More men are wary about mentoring women since the #MeToo movement began dominating headlines more than a year ago.

Deanna Burgart said statistics show before the #MeToo movement 64 per cent of men were reluctant to mentor women for many reasons such as accusations of inappropriate behaviour. After #MeToo, Burgart said the number has tripled.

“Anecdotally I have heard a lot of men say ‘I feel like I am walking on eggshells,’” said Burgart, president of Indigenous Engineering Inclusion Inc. “‘I don’t know whether I am going to say the wrong thing.’ My advice to them is ... OK good. Now unpack that. Ask yourself what you can do to be more aware of your unconscious bias, be more aware of what might be offensive.”

Burgart, who combines engineering principles with respect for Earth as an “indigeneer’ took part in a four-person panel comprised of executives mainly from the oil and gas sector who discussed mentorship in the promotion of diversity at the North American Women in Energy Forum this week.

“I am of the #MeToo movement,” Burgart told the panel. “I can tell you that being a survivor has changed the way that I receive how people treat me in the workplace. Yeah there is an onus on me to heal and there is an onus on me to be aware of my reaction to others. But there is also an onus on everyone to be aware of how we act may impact someone who has already experienced trauma. The #MeToo movement has brought these conversations to the forefront. We can either run in fear or say ‘OK let’s talk about it now.’”

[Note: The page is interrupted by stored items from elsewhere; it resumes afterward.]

(* Let $A$ be a calibrated $R$-superalgebra with basis $B^A=B^A_{\mathfrak a}\sqcup B^A_{\mathfrak c}\sqcup B^A_{\bar1}$, and let $e\in\mathfrak a$ be an idempotent such that $be=b$ or $be=0$ for every $b\in B^A$. Regard $Ae$ as a calibrated $A$-supermodule with $(Ae)_{\mathfrak a}=\mathfrak ae$ and $(Ae)_{\mathfrak c}=\mathfrak ce$. Then $\tilde\Gamma^d(Ae)\cong(\tilde\Gamma^dA)\,\eta^{e^d}$ as $\tilde\Gamma^dA$-supermodules, where $\eta^{e^d}=e^{\otimes d}$.
   Context: Let $R$ be a principal ideal domain of characteristic $0$. A calibrated $R$-supermodule is a free $R$-supermodule $V=V_{\bar0}\oplus V_{\bar1}$ of finite rank with a decomposition $V_{\bar0}=V_{\mathfrak a}\oplus V_{\mathfrak c}$ into free $R$-submodules, with chosen bases $B_{\mathfrak a},B_{\mathfrak c},B_{\bar1}$ and a total order on their union $B$. $\mathfrak S_d$ acts on $V^{\otimes d}$ by $(v_1\otimes\cdots\otimes v_d)^\sigma=(-1)^{\langle\sigma;\mathbf v\rangle}v_{\sigma1}\otimes\cdots\otimes v_{\sigma d}$, with $\langle\sigma;\mathbf v\rangle$ the number of $k<l$ with $\sigma^{-1}k>\sigma^{-1}l$ and $v_k,v_l$ odd; $\Gamma^dV$ = invariants. For $\mathbf b\in B^d$: $\langle\mathbf b\rangle$ = number of $k<l$ with $b_k,b_l\in B_{\bar1}$ and $b_k>b_l$; $[\mathbf b]^!_{\mathfrak c}=\prod_{b\in B_{\mathfrak c}}\#\{k:b_k=b\}!$; $\mathrm{Seq}(B,d)$ = tuples in which only even basis elements may repeat; $x_{\mathbf b}=\sum(-1)^{\langle\mathbf b\rangle+\langle\mathbf b'\rangle}b'_1\otimes\cdots\otimes b'_d$ over distinct place-permutations $\mathbf b'$ of $\mathbf b$; $y_{\mathbf b}=[\mathbf b]^!_{\mathfrak c}x_{\mathbf b}$; $\tilde\Gamma^dV=\mathrm{span}_R\{y_{\mathbf b}\}$. A calibrated $R$-superalgebra is an $R$-superalgebra $A$, free of finite rank, with $A_{\bar0}=\mathfrak a\oplus\mathfrak c$ (free $R$-submodules), $\mathfrak a$ a unital subalgebra; for $\mathbf a\in\mathrm{Seq}(B^A,d)$ write $\eta^{\mathbf a}=y_{\mathbf a}\in\tilde\Gamma^dA$. $\tilde\Gamma^dA$ is a unital subsuperalgebra of the superalgebra $A^{\otimes d}$ (product $(a_1\otimes\cdots)(b_1\otimes\cdots)=(-1)^{\langle\mathbf a,\mathbf b\rangle}a_1b_1\otimes\cdots$, $\langle\mathbf a,\mathbf b\rangle$ = number of $k>l$ with $a_k,b_l$ odd). A calibrated $A$-supermodule is an $A$-supermodule which is calibrated with $\mathfrak aV_{\mathfrak a}\subseteq V_{\mathfrak a}$; for such $V$, $\tilde\Gamma^dV$ is a $\tilde\Gamma^dA$-supermodule via the natural action of $A^{\otimes d}$ on $V^{\otimes d}$ (with the sign $(-1)^{\langle\mathbf a,\mathbf v\rangle}$). *)

From HB Require Import structures.
From mathcomp Require Import all_boot all_order all_algebra.
Set Implicit Arguments. Unset Strict Implicit. Unset Printing Implicit Defensive.
Import Order.TTheory GRing.Theory Num.Theory.
Local Open Scope ring_scope.

Definition is_ideal (R : comNzRingType) (S : R -> Prop) :=
  [/\ S 0, (forall x y, S x -> S y -> S (x + y)) & (forall r x, S x -> S (r * x))].
Definition is_PID (R : idomainType) :=
  forall S : R -> Prop, is_ideal S -> exists g : R, forall x, S x <-> exists r, x = r * g.
Definition char0 (R : nzRingType) := forall n : nat, (0 < n)%N -> n%:R != 0 :> R.

(* Every basis element is of kind 𝔞 (even), 𝔠 (even) or odd. *)
Inductive bkind := Ka | Kc | Kodd.
Definition bkind_eqb (x y : bkind) :=
  match x, y with Ka, Ka | Kc, Kc | Kodd, Kodd => true | _, _ => false end.
Lemma bkind_eqP : Equality.axiom bkind_eqb.
Proof. by case; case; constructor. Qed.
HB.instance Definition _ := hasDecEq.Build bkind bkind_eqP.

Definition strict_total (I : eqType) (lt : rel I) :=
  [/\ irreflexive lt, transitive lt & forall x y, x != y -> lt x y || lt y x].

(* A free R-module of finite rank with basis indexed by I is modelled by
   coefficient vectors {ffun I -> R}; delta b is the basis vector b. *)
Definition delta (R : nzRingType) (I : finType) (b : I) : {ffun I -> R} :=
  [ffun i => (i == b)%:R].

Section Alg.
Variables (R : comNzRingType) (I : finType).
Variable (kind : I -> bkind).
Variable (mu : I -> I -> {ffun I -> R}). (* mu i j = product of basis elements i, j *)
Definition oddb (i : I) : bool := kind i == Kodd.
Definition smul (x y : {ffun I -> R}) : {ffun I -> R} :=
  [ffun k => \sum_i \sum_j x i * y j * mu i j k].
(* A calibrated R-superalgebra: associative unital superalgebra,
   A_0 = 𝔞 ⊕ 𝔠, A_1 spanned by odd basis vectors, 𝔞 a unital subalgebra. *)
Definition calibrated_superalg (one : {ffun I -> R}) :=
  [/\ forall x y z, smul (smul x y) z = smul x (smul y z),
      forall x, smul one x = x /\ smul x one = x,
      forall i j k, mu i j k != 0 -> oddb k = oddb i (+) oddb j,
      forall k, one k != 0 -> kind k = Ka &
      forall i j k, kind i = Ka -> kind j = Ka -> mu i j k != 0 -> kind k = Ka].
Definition in_a (x : {ffun I -> R}) := forall k, x k != 0 -> kind k = Ka.
End Alg.

(* V^{(x)d} for V with basis J has basis the d-tuples {ffun 'I_d -> J}. *)
Section Tensor.
Variables (R : comNzRingType) (d : nat).

Section OneBasis.
Variables (J : finType) (lt : rel J) (kind : J -> bkind).
Let oddJ (j : J) := kind j == Kodd.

Colby Delorme, president of The Imagination Group, said the movement against sexual harassment and abuse has influenced everything. He said if there is a reluctance to mentor then he or she is the wrong person. Delorme said he almost hires women exclusively for his Aboriginal businesses because he finds working with women easier.

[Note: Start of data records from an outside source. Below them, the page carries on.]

(* With the conventions $H^{(t)}_0(x)=1$ and $H^{(t)}_m(x)=0$ for $m<0$, for all $n\ge0$, \[ H^{(t)}_{n+1}(x)=x\,H^{(t)}_n(x)-\binom{n}{t}\frac{(t+1)!}{2}\,H^{(t)}_{n-t}(x). \]
   Context: Fix an integer $t\ge1$. A $t$-path in the complete graph $K_n$ (vertices $1,\dots,n$) is a subgraph isomorphic to a path with $t$ edges (on a given set of $t+1$ vertices there are $(t+1)!/2$ of them). The Hermite polynomial of order $t$ is $H^{(t)}_n(x)=\sum_F(-1)^{|F|}x^{\,n-(t+1)|F|}$, the sum over all families $F$ of pairwise vertex-disjoint $t$-paths in $K_n$. *)

From HB Require Import structures.
From mathcomp Require Import all_boot all_order all_algebra.
Set Implicit Arguments. Unset Strict Implicit. Unset Printing Implicit Defensive.
Import GRing.Theory.
Local Open Scope ring_scope.

(* Vertices of K_n are 'I_n; an edge is a 2-subset of 'I_n; a subgraph (without
   isolated vertices) is given by its edge set E : {set {set 'I_n}}. *)

Definition is_tpath (t n : nat) (E : {set {set 'I_n}}) : bool :=
  [exists s : (t.+1).-tuple 'I_n,
     uniq s &&
     (E == [set [set tnth s (widen_ord (leqnSn t) i); tnth s (lift ord0 i)]
              | i : 'I_t])].

Definition vset (n : nat) (E : {set {set 'I_n}}) : {set 'I_n} :=
  \bigcup_(e in E) e.

Definition tpath_family (t n : nat) (F : {set {set {set 'I_n}}}) : bool :=
  [forall P in F, is_tpath t P] &&
  [forall P in F, forall Q in F, (P != Q) ==> [disjoint vset P & vset Q]].

Definition hermite (t n : nat) : {poly int} :=
  \sum_(F : {set {set {set 'I_n}}} | tpath_family t F)
     (-1) ^+ #|F| * 'X^(n - t.+1 * #|F|).

(* The proof works with the Hermite polynomial hermite_on A of the complete
   graph on an arbitrary finite vertex set A: the signed sum over packings F
   (families of vertex-disjoint t-paths inside A) of x^(|A| - (t+1)|F|).
   Fixing a vertex a of A, a packing either avoids a -- these are the packings
   of A :\ a, giving x * hermite_on (A :\ a) -- or contains a unique path P
   through a, and removing P is a bijection onto the packings of
   A :\: vertices P, giving - hermite_on (A :\: vertices P) (hermite_on_rec).
   Separately, the t-paths through a in an (m+1)-set are counted by double
   counting injective (t+1)-tuples: each path is traversed by exactly two of
   them (a simple path is determined by its edges up to reversal), so there
   are binom(m, t) (t+1)!/2 of them (card_tpaths_through).
   By strong induction hermite_on A depends only on |A|, and the recursion
   becomes the stated one once hermite t n is identified with hermite_on of
   the full vertex set 'I_n. *)

From HB Require Import structures.
From mathcomp Require Import all_boot all_order all_algebra.
Import GRing.Theory.
Set Implicit Arguments. Unset Strict Implicit. Unset Printing Implicit Defensive.

Section WalkEdges.
Variable T : finType.
Implicit Types (s : seq T) (x y v : T) (E : {set {set T}}).

Fixpoint walk_edges s : {set {set T}} :=
  match s with
  | x :: ((y :: _) as r) => [set x; y] |: walk_edges r
  | _ => set0
  end.

Definition vertices E : {set T} := \bigcup_(e in E) e.

Definition degree E v : nat := \sum_(e in E) (v \in e).

Lemma walk_edges_cons x y r :
  walk_edges [:: x, y & r] = [set x; y] |: walk_edges (y :: r).
Proof. by []. Qed.

Lemma walk_edges_sub s e : e \in walk_edges s -> {subset e <= s}.
Proof.
elim: s => [|x [|y r] IH]; try by rewrite inE.
rewrite walk_edges_cons => /setU1P [-> z|/IH H z /H zi]; last by rewrite inE zi orbT.
by rewrite !inE => /orP[]/eqP->; rewrite eqxx ?orbT.
Qed.

Lemma walk_edges_notin x y r :
  x \notin y :: r -> [set x; y] \notin walk_edges (y :: r).
Proof.
by move=> xn; apply/negP => /walk_edges_sub H; move: xn; rewrite H // !inE eqxx.
Qed.

Lemma walk_edges_eq0 s : (walk_edges s == set0) = (size s < 2).
Proof.
case: s => [|x [|y r]]; try by rewrite /= eqxx.
by apply/negbTE/set0Pn; exists [set x; y]; rewrite walk_edges_cons setU11.
Qed.

Lemma vertices_walk s : 1 < size s -> vertices (walk_edges s) = [set z in s].
Proof.
elim: s => [|x [|y r] IH] //= _.
rewrite /vertices bigcup_setU big_set1; case: r IH => [|z r] IH.
  by rewrite /= big_set0 setU0; apply/setP => w; rewrite !inE.
rewrite -walk_edges_cons; have:= IH isT; rewrite /vertices => ->.
by apply/setP => w; rewrite !inE; case: (w == x); case: (w == y).
Qed.

Lemma degree_notin s v : v \notin s -> degree (walk_edges s) v = 0.
Proof.
move=> vn; rewrite /degree big1 // => e /walk_edges_sub H.
by case: (boolP (v \in e)) => // /H; rewrite (negbTE vn).
Qed.

Lemma degree_cons x y r v : x \notin y :: r ->
  degree (walk_edges [:: x, y & r]) v = (v \in [set x; y]) + degree (walk_edges (y :: r)) v.
Proof. by move=> xn; rewrite /degree walk_edges_cons big_setU1 //= walk_edges_notin. Qed.

Lemma degree_end x s v : uniq (x :: s) -> s != [::] ->
  (degree (walk_edges (x :: s)) v == 1) = (v == x) || (v == last x s).
Proof.
elim: s x => [|y r IH] x //= /andP[xn ur] _.
rewrite degree_cons //; case: r IH ur xn => [|z r] IH ur xn.
  by rewrite /degree /= big_set0 addn0 !inE; case: (_ || _).
have IHy := IH y ur isT; move: ur => /andP[yn _].
have [->|vx] := eqVneq v x; first by rewrite degree_notin // set21.
move: IHy; have [->|vy] := eqVneq v y => IHy.
  move/eqP: IHy => /= ->; rewrite set22 /=; apply/esym/negbTE.
  by apply: contra yn => /eqP ->; apply: mem_last.
by rewrite !inE (negbTE vx) (negbTE vy) /= IHy.
Qed.

Lemma walk_edges_rcons w s z :
  walk_edges (rcons (w :: s) z) = [set last w s; z] |: walk_edges (w :: s).
Proof.
elim: s w => [|y s IH] w //.
by rewrite rcons_cons [rcons (y :: s) z]rcons_cons walk_edges_cons -rcons_cons IH setUCA.
Qed.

“There’s some risk associated to that because I run a small organization so I am alone with women,” said Delorme. “So if I were to run into an issue, I could have a difficult time being able to argue that something didn’t happen. But I think it comes down to the way you work with someone.”

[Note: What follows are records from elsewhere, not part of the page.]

(* For any integers $n\ge1$ and $0<r\le n$, there is an $r$-covering code $C\subseteq2^n$ with $$|C|=S:=\left\lceil\ln(2)(n+1)\frac{2^n}{V(n,r)}\right\rceil$$ such that for every integer $q\in[r,n]$ and every $\tau\in2^n$, $$|B_q(\tau)\cap C|<S_q:=\left\lceil5(n+1)\frac{V(n,q)}{V(n,r)}\right\rceil.$$
   Context: For $\sigma,\tau\in2^n$, $\Delta(\sigma,\tau)$ is the Hamming distance (number of differing positions), $B_q(\tau)=\{\sigma\in2^n:\Delta(\sigma,\tau)\le q\}$ and $V(n,q)=|B_q(\tau)|=\sum_{i\le q}\binom ni$. A code $C\subseteq2^n$ is $r$-covering if for every $\tau\in2^n$ there is $\sigma\in C$ with $\Delta(\tau,\sigma)\le r$. *)

From HB Require Import structures.
From mathcomp Require Import all_boot all_order all_algebra.
From mathcomp Require Import all_classical all_reals all_analysis.
Set Implicit Arguments. Unset Strict Implicit. Unset Printing Implicit Defensive.

Definition word (n : nat) := {ffun 'I_n -> bool}.

Definition hdist (n : nat) (s t : word n) : nat := #|[set i | s i != t i]|.

Definition hball (n q : nat) (tau : word n) : {set word n} :=
  [set s | hdist s tau <= q].

Definition V (n q : nat) : nat := \sum_(i < q.+1) 'C(n, i).

Definition rcovering (n r : nat) (C : {set word n}) : Prop :=
  forall tau : word n, exists2 s, s \in C & hdist tau s <= r.
Lemma RInt_exp_neg_le (C b : R) : 0 <= C -> 0 <= b -> RInt (fun t => C * exp (- t)) 0 b <= C.
Proof.
intros HC Hb.
assert (H : is_RInt (fun t => C * exp (- t)) 0 b (- C * exp (- b) - - C * exp (- 0))).
{ apply (is_RInt_derive (fun t => - C * exp (- t))).
  - intros y _. auto_derive; auto. ring.
  - intros y _. apply (@ex_derive_continuous R_AbsRing R_NormedModule). auto_derive. auto. }
rewrite (is_RInt_unique _ _ _ _ H), Ropp_0, exp_0.
pose proof (exp_pos (- b)). nra.
Qed.

Lemma Kcosh_correct (n : nat) (x : R) : 0 < x ->
  is_RInt_gen (kcosh n x) (at_point 0) (Rbar_locally p_infty) (Kcosh n x) /\
  forall b, 0 <= b -> RInt (kcosh n x) 0 b <= Kcosh n x.
Proof.
intro Hx.
set (C := 2 * INR (fact (S n)) / x ^ S n).
assert (HC : 0 <= C).
{ apply Rlt_le, Rdiv_lt_0_compat; [pose proof (INR_fact_lt_0 (S n)); lra | apply pow_lt; lra]. }
destruct (is_RInt_gen_nonneg_bounded (kcosh n x) 0 C) as [l [Hl Hpart]].
- apply kcosh_continuous.
- intros; left; apply kcosh_pos.
- intros b Hb. eapply Rle_trans; [|apply (RInt_exp_neg_le C b HC Hb)].
  apply RInt_le; auto.
  + apply ex_RInt_continuous_R, kcosh_continuous.
  + apply ex_RInt_continuous_R. intro.
    apply (@ex_derive_continuous R_AbsRing R_NormedModule). auto_derive. auto.
  + intros; apply kcosh_le_exp; auto.
- replace (Kcosh n x) with l by (symmetry; apply is_RInt_gen_unique, Hl). auto.
Qed.

Lemma Kcosh_pos (n : nat) (x : R) : 0 < x -> 0 < Kcosh n x.
Proof.
intro Hx. destruct (Kcosh_correct n x Hx) as [_ H].
eapply Rlt_le_trans; [|apply (H 1); lra].
apply RInt_gt_0; [lra | intros; apply kcosh_pos | intros; apply kcosh_continuous].
Qed.

Lemma BesselK1_Kcosh (x : R) : 0 < x -> BesselK1 x = Kcosh 1 x.
Proof.
intro Hx. unfold BesselK1, Kcosh. symmetry. apply RInt_gen_ext_eq.
- intro t. unfold kcosh. simpl. rewrite Rmult_1_r. reflexivity.
- exists (Kcosh 1 x). apply Kcosh_correct; auto.
Qed.

Lemma Kcosh_le_shift (n : nat) (x y : R) : 0 < x -> x <= y ->
  Kcosh n y <= exp (x - y) * Kcosh n x.
Proof.
intros Hx Hxy.
destruct (Kcosh_correct n y) as [Iy _]; [lra|].
destruct (Kcosh_correct n x Hx) as [Ix _].
eapply Rle_trans; [apply Rle_abs|].
refine (RInt_gen_norm (kcosh n y) _ _ _
  (filter_prod_at_point_pinfty 0 (fun a b => a <= b) _) _ Iy (is_RInt_gen_scal _ (exp (x - y)) _ Ix)).
- intros; lra.
- apply (filter_prod_at_point_pinfty 0 (fun a b => forall t, a <= t <= b -> _)).
  intros b _ t _. unfold norm, scal; simpl; unfold abs, mult; simpl.
  rewrite Rabs_pos_eq by (left; apply kcosh_pos).
  unfold kcosh. rewrite <- Rmult_assoc, <- exp_plus.
  apply Rmult_le_compat_r; [apply pow_le; pose proof (cosh_ge_1 t); lra|].
  apply exp_le_compat. pose proof (cosh_ge_1 t). nra.
Qed.

Lemma exp_sub_tangent_bound (u : R) : 0 <= exp u - 1 - u <= u ^ 2 * exp (Rabs u).
Proof.
pose proof (exp_ineq1_le u). pose proof (exp_ineq1_le (- u)) as H2.
pose proof (exp_pos u).
assert (exp u - 1 <= u * exp u).
{ rewrite exp_Ropp in H2. assert (exp u * / exp u = 1) by (field; lra). nra. }
split; [lra|].
destruct (Rle_or_lt 0 u).
- rewrite Rabs_pos_eq by lra. nra.
- rewrite Rabs_left by lra. nra.
Qed.

Lemma kcosh_taylor_remainder (n : nat) (x h t : R) : 0 < x -> Rabs h <= x / 2 ->
  Rabs (kcosh n (x + h) t - kcosh n x t + h * kcosh (S n) x t)
  <= h ^ 2 * kcosh (S (S n)) (x / 2) t.
Proof.
intros Hx Hh. unfold kcosh. set (c := cosh t).
assert (Hc : 1 <= c) by apply cosh_ge_1.
replace (exp (- (x + h) * c) * c ^ n - exp (- x * c) * c ^ n + h * (exp (- x * c) * c ^ S n))
  with (c ^ n * exp (- x * c) * (exp (- h * c) - 1 - (- h * c)))
  by (replace (- (x + h) * c) with (- x * c + - h * c) by ring; rewrite exp_plus; simpl; ring).
destruct (exp_sub_tangent_bound (- h * c)) as [T1 T2].
assert (Hp : 0 <= c ^ n * exp (- x * c)) by (apply Rmult_le_pos; [apply pow_le; lra | left; apply exp_pos]).
rewrite Rabs_pos_eq by (apply Rmult_le_pos; auto).
assert (Habs : Rabs (- h * c) <= x / 2 * c).
{ rewrite Rabs_mult, Rabs_Ropp, (Rabs_pos_eq c) by lra. apply Rmult_le_compat_r; lra. }
apply Rle_trans with (c ^ n * exp (- x * c) * ((- h * c) ^ 2 * exp (x / 2 * c))).
{ apply Rmult_le_compat_l; auto. eapply Rle_trans; [apply T2|].
  apply Rmult_le_compat_l; [apply pow2_ge_0 | apply exp_le_compat; auto]. }
replace (- (x / 2) * c) with (- x * c + x / 2 * c) by field.
rewrite exp_plus. right; simpl; ring.
Qed.

Lemma Kcosh_taylor_remainder (n : nat) (x h : R) : 0 < x -> Rabs h <= x / 2 ->
  Rabs (Kcosh n (x + h) - Kcosh n x + h * Kcosh (S n) x) <= h ^ 2 * Kcosh (S (S n)) (x / 2).
Proof.
intros Hx Hh.
assert (Hxh : 0 < x + h) by (apply Rabs_le_between in Hh; lra).
destruct (Kcosh_correct n (x + h) Hxh) as [I1 _].
destruct (Kcosh_correct n x Hx) as [I2 _].
destruct (Kcosh_correct (S n) x Hx) as [I3 _].
destruct (Kcosh_correct (S (S n)) (x / 2)) as [I4 _]; [lra|].
refine (RInt_gen_norm _ _ _ _
  (filter_prod_at_point_pinfty 0 (fun a b => a <= b) _) _
  (is_RInt_gen_plus _ _ _ _ (is_RInt_gen_minus _ _ _ _ I1 I2) (is_RInt_gen_scal _ h _ I3))
  (is_RInt_gen_scal _ (h ^ 2) _ I4)).
- intros; lra.
- apply (filter_prod_at_point_pinfty 0 (fun a b => forall t, a <= t <= b -> _)).
  intros b _ t _. apply kcosh_taylor_remainder; auto.
Qed.

Lemma is_derive_Kcosh (n : nat) (x : R) : 0 < x -> is_derive (Kcosh n) x (- Kcosh (S n) x).
Proof.
intro Hx. apply is_derive_Reals. intros eps Heps.
set (C := Kcosh (S (S n)) (x / 2)).
assert (HC : 0 < C) by (apply Kcosh_pos; lra).
assert (Hd : 0 < Rmin (x / 2) (eps / C)) by (apply Rmin_pos; [lra | apply Rdiv_lt_0_compat; lra]).
exists (mkposreal _ Hd). intros h Hh0 Hh; simpl in Hh.
pose proof (Rmin_l (x / 2) (eps / C)). pose proof (Rmin_r (x / 2) (eps / C)).
assert (Hah : 0 < Rabs h) by (apply Rabs_pos_lt; auto).
pose proof (Kcosh_taylor_remainder n x h Hx ltac:(lra)) as HR; fold C in HR.
replace ((Kcosh n (x + h) - Kcosh n x) / h - - Kcosh (S n) x)
  with ((Kcosh n (x + h) - Kcosh n x + h * Kcosh (S n) x) / h) by (field; auto).
unfold Rdiv. rewrite Rabs_mult, Rabs_inv.
apply Rle_lt_trans with (Rabs h * C).
{ apply (Rmult_le_reg_r (Rabs h)); auto.
  replace (Rabs (Kcosh n (x + h) - Kcosh n x + h * Kcosh (S n) x) * / Rabs h * Rabs h)
    with (Rabs (Kcosh n (x + h) - Kcosh n x + h * Kcosh (S n) x)) by (field; lra).
  replace (Rabs h * C * Rabs h) with (h ^ 2 * C) by (rewrite <- (pow2_abs h); ring). auto. }
apply (Rmult_lt_compat_r C) in Hh; [|auto].
eapply Rlt_le_trans; [exact Hh|].
apply Rle_trans with (eps / C * C); [apply Rmult_le_compat_r; lra | right; field; lra].
Qed.

Definition I1coef (k : nat) : R := / (INR (fact k) * INR (fact (S k))).

Definition I1ser (z : R) : R := PSeries I1coef z.

Lemma I1coef_pos (k : nat) : 0 < I1coef k.
Proof. apply Rinv_0_lt_compat, Rmult_lt_0_compat; apply INR_fact_lt_0. Qed.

Delorme said if you’re not being inappropriate and you are treating someone with respect in the workplace then the issues are nonexistent.

“If somebody is concerned that somebody is going to say something about them, the question I would ask is why are you concerned about that? Why are you concerned how someone is going to read your actions? Not that it wouldn’t happen in the future, I would be very comfortable in saying no nothing has happened. I’ve been very respectful. I can’t understand the reluctance,” he said.

Deji Gbobaniyi, Suncor Energy Inc. program manager, added that it is important that every organization has protection in terms of policies and guidelines for everyone in the workplace so he or she does not come to work feeling unsafe or intimidated.

“Shame on us if anyone comes to work … male or female and they feel scared or intimidated,” he said. “I think the bottom line is the training still needs to be done especially for smaller organizations that do not have policies in place.”

Kate Hodges, CGI vice-president Calgary region, said awareness is key and once you understand that it’s time to move forward.

“That’s where the value comes into it, it shouldn’t restrain, it should give us another way of looking about how we communicate or how we mentor,” she said. “We just go forward.”

In order to encourage male and female mentorship relationships, Hodges said there needs to be training to understand what it means to mentor in diverse relationships.

“It really shouldn’t make a difference if it is male to male or female to male,” she said. “The whole point being the value we bring as a mentor to that mentoring relationship. There has to be a really good alignment of beliefs … From a gender point of view, it’s more about having a match from a mentor to a mentee than it has to do with gender.”

Mentoring is a two-way street, said Burgart. She suggested changing the power dynamic of traditional mentoring programs, which are based on a senior and junior person relationship, to a conversation of what the pair can learn from one another.

 “When we bring in diversity, whether it is gender or background or beliefs, we can have that conversation what we can learn from each other. That becomes a shared relationship.”

Hodges echoed her thoughts with the concept of “reverse mentorship” where both the mentor and mentee are learning from each other.

With today’s push to make workplaces more inclusive and diverse, the panel acknowledged the reluctance of some mentors to mentor someone who is different than them whether the difference is gender, background or ethnicity.

Burgart, who has had both male and female mentors in her career, said if organizations are going to pair mentors in order to be diverse, they must equip both parties with ways to communicate with one another such as unconscious bias and communication training.

“I think a lot of the conflicts in the workplace come from the fact we all see the world through different lenses,” she said. “You aren’t always going to know how to communicate with somebody else. But … knowing how to have those conversations to walk that path together is important.”

Hodges, who works for a global information technology consulting company, says she has more women come to her to be mentored than men in her male-dominated industry.

“They feel they need to be mentored by men to work their way up,” said Hodges. “That needs to be changed because it is not necessary. As we said, diversified thinking when it comes to mentors is important to get balance of both and to get rounded perspectives especially when you work up to an executive position. It’s important to have both perspectives.”